While we're willing to believe that groupthink, wishful thinking, and self-deception played a role in some of the Bush warheads' thinking, Team Bush also did too much outright lying and spinning to sell the war to dismiss the notion they knew what they were up to. Just see Michael Isikoff and David Corn's 2006 book Hubris: The Inside Story of Spin, Scandal, and the Selling of the Iraq War, which we read for a Wonkette Book Club back when I still worked weekends.
And here's where Fisher skims entirely too quickly past his own paper's involvement. Look at this artfully broad summary:
Officials claimed that Mr. Hussein possessed, or would soon possess, nuclear, chemical and biological weapons that he might intend to use against the United States. Those claims were carried, and amplified, by America’s major media outlets.

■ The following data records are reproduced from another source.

Lemma gauss_tail_bounds L v : is_RInt_0_pinfty (gauss k) L ->
  0 < RInt (gauss k) v 0 + L <= (1 + / k) * PI.
Proof.
  intros HL.
  pose proof (is_improper_RInt_restr_gt _ v continuous_gauss L HL) as Htail.
  assert (Hnn : forall y, 0 <= restr_gt v (gauss k) y).
  { intro y. unfold restr_gt. destruct (Rlt_dec v y); [left; apply gauss_pos | lra]. }
  split.
  - apply Rlt_le_trans with (RInt (restr_gt v (gauss k)) v (v + 1)); [|apply RInt_le_improper; auto; lra].
    rewrite (is_RInt_unique _ _ _ _ (is_RInt_restr_gt _ v continuous_gauss v (v + 1) ltac:(lra))).
    apply RInt_gt_0; [lra | intros; apply gauss_pos | intros; apply continuous_gauss].
  - apply (is_improper_RInt_le_bound (restr_gt v (gauss k))); [intros a b Hab | exact Htail].
    set (a' := Rmin a v). set (b' := Rmax b v).
    pose proof (Rmin_l a v). pose proof (Rmin_r a v). pose proof (Rmax_l b v). pose proof (Rmax_r b v).
    pose proof (is_RInt_restr_gt _ v continuous_gauss a' b' ltac:(unfold a', b'; lra)) as Hab'.
    apply Rle_trans with (RInt (restr_gt v (gauss k)) a' b').
    + apply RInt_le_subinterval;
        [exact Hnn | unfold a'; lra | exact Hab | unfold b'; lra | now exists (RInt (gauss k) v b')].
    + rewrite (is_RInt_unique _ _ _ _ Hab'). apply RInt_gauss_le. unfold b'; lra.
Qed.

Lemma continuous_RInt_gauss_lower b v : continuous (fun u => RInt (gauss k) u b) v.
Proof.
  apply (continuous_RInt_2 (gauss k) v b).
  apply filter_forall. intro z. apply (@RInt_correct R_CompleteNormedModule), ex_RInt_gauss.
Qed.

Lemma ex_improper_RInt_dominated_gauss h C : (forall a b, ex_RInt h a b) ->
  (forall x, 0 <= h x <= C * gauss k x) -> exists l, is_improper_RInt h l.
Proof.
  intros Hex Hh.
  assert (HC : 0 <= C).
  { destruct (Hh 0). pose proof (gauss_pos 0). nra. }
  apply (ex_improper_RInt_bounded h (C * ((1 + / k) * PI))); [intro x; apply Hh | exact Hex|].
  intros a b Hab.
  assert (Hg : ex_RInt (fun x => C * gauss k x) a b) by exact (ex_RInt_scal _ a b C (ex_RInt_gauss a b)).
  apply Rle_trans with (RInt (fun x => C * gauss k x) a b).
  - apply RInt_le; auto. intros; apply Hh.
  - replace (RInt (fun x => C * gauss k x) a b) with (C * RInt (gauss k) a b)
      by (symmetry; exact (RInt_scal _ a b C (ex_RInt_gauss a b))).
    apply Rmult_le_compat_l; [exact HC | now apply RInt_gauss_le].
Qed.

End Gauss.

Definition is_iterated_RInt (C : R -> R -> Prop) (d : R -> R -> R) (l : R) : Prop :=
  exists h : R -> R,
    (forall x, is_improper_RInt (fun y => indic C x y * d x y) (h x)) /\ is_improper_RInt h l.

Lemma is_iterated_RInt_le A B d l1 l2 : (forall x y, 0 <= d x y) ->
  (forall x y, A x y -> B x y) -> is_iterated_RInt A d l1 -> is_iterated_RInt B d l2 -> l1 <= l2.
Proof.
  intros Hd HAB [h1 [Hin1 Hout1]] [h2 [Hin2 Hout2]].
  apply (is_improper_RInt_le h1 h2); auto. intro x.
  refine (is_improper_RInt_le _ _ _ _ _ (Hin1 x) (Hin2 x)); intro y.
  pose proof (Hd x y). unfold indic.
  destruct (excluded_middle_informative (A x y)) as [a|a];
    destruct (excluded_middle_informative (B x y)) as [b|b]; try lra.
  exfalso; auto.
Qed.

Lemma is_iterated_RInt_unique C d l1 l2 :
  is_iterated_RInt C d l1 -> is_iterated_RInt C d l2 -> l1 = l2.
Proof.
  intros [h1 [Hin1 Hout1]] [h2 [Hin2 Hout2]].
  apply (is_improper_RInt_unique h2); auto.
  apply (is_improper_RInt_ext h1); auto.
  intro x. exact (is_improper_RInt_unique _ _ _ (Hin1 x) (Hin2 x)).
Qed.

Lemma is_iterated_RInt_ge0 C d l : (forall x y, 0 <= d x y) -> is_iterated_RInt C d l -> 0 <= l.
Proof.
  intros Hd [h [Hin Hout]]. apply (is_improper_RInt_ge0 h); auto. intro x.
  refine (is_improper_RInt_ge0 _ _ _ (Hin x)); intro y.
  pose proof (Hd x y). unfold indic. destruct (excluded_middle_informative (C x y)); lra.
Qed.

Lemma is_iterated_RInt_ext A B d l : (forall x y, A x y <-> B x y) ->
  is_iterated_RInt A d l -> is_iterated_RInt B d l.
Proof.
  intros HAB [h [Hin Hout]]. exists h; split; [|exact Hout]. intro x.
  apply (is_improper_RInt_ext (fun y => indic A x y * d x y)); [intro y | exact (Hin x)].
  unfold indic.
  destruct (excluded_middle_informative (A x y)) as [a|a];
    destruct (excluded_middle_informative (B x y)) as [b|b]; try reflexivity;
    exfalso; [apply b | apply a]; apply HAB; assumption.
Qed.

Lemma is_iterated_RInt_comp_opp C d l : (forall x y, d (- x) (- y) = d x y) ->
  is_iterated_RInt C d l -> is_iterated_RInt (fun x y => C (- x) (- y)) d l.
Proof.
  intros Hd [h [Hin Hout]]. exists (fun x => h (- x)); split.
  - intro x. apply (is_improper_RInt_ext (fun y => indic C (- x) (- y) * d (- x) (- y))).
    + intro y. now rewrite Hd.
    + exact (is_improper_RInt_comp_opp _ _ (Hin (- x))).
  - now apply is_improper_RInt_comp_opp.
Qed.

No mention here of the Times's role in building up the WMD fiction, like the notorious incident where the administration leaked the claim that Iraq had bought aluminum tubes that could be used in centrifuges to enrich uranium. That was duly reported by the Times's Judith Miller on September 8, 2002. The very same day, Dick Cheney, who'd arranged the leak, went on "Meet the Press" and said the tubes amounted to "very clear evidence" Saddam was restarting his nuclear weapons program, saying, "There's a story in The New York Times this morning" about those darn aluminum tubes. Well there's your confirmation!
Again and again, the Times uncritically passed on administration claims, and helped build the impression that there was far more evidence of Iraqi WMDs than there was.
For a super fun time activity, try searching this weekend's story about why the US went to war for the terms "Judith Miller," "Ahmed Chalabi," "yellowcake uranium," or "aluminum tubes."
Look, I never said it would be a long activity.
We suppose the Times might argue that there was no need to say anything more than that vague line about how the press "carried, and amplified" the Bush team's deadly fibs, because that had less to do with why the administration went to war than with how it sold the lie to the American people. Besides, the Times already acknowledged in 2004 that some of its coverage "was not as rigorous as it should have been." They said they're sorry already, jeez. How many times will you meanies keep pointing out that such "problematic" coverage had disastrous consequences, with real people dying?
We're guessing probably in another five years, for the silver anniversary of the Iraq bunglefuck. Unless the Times manages to remember the role it played.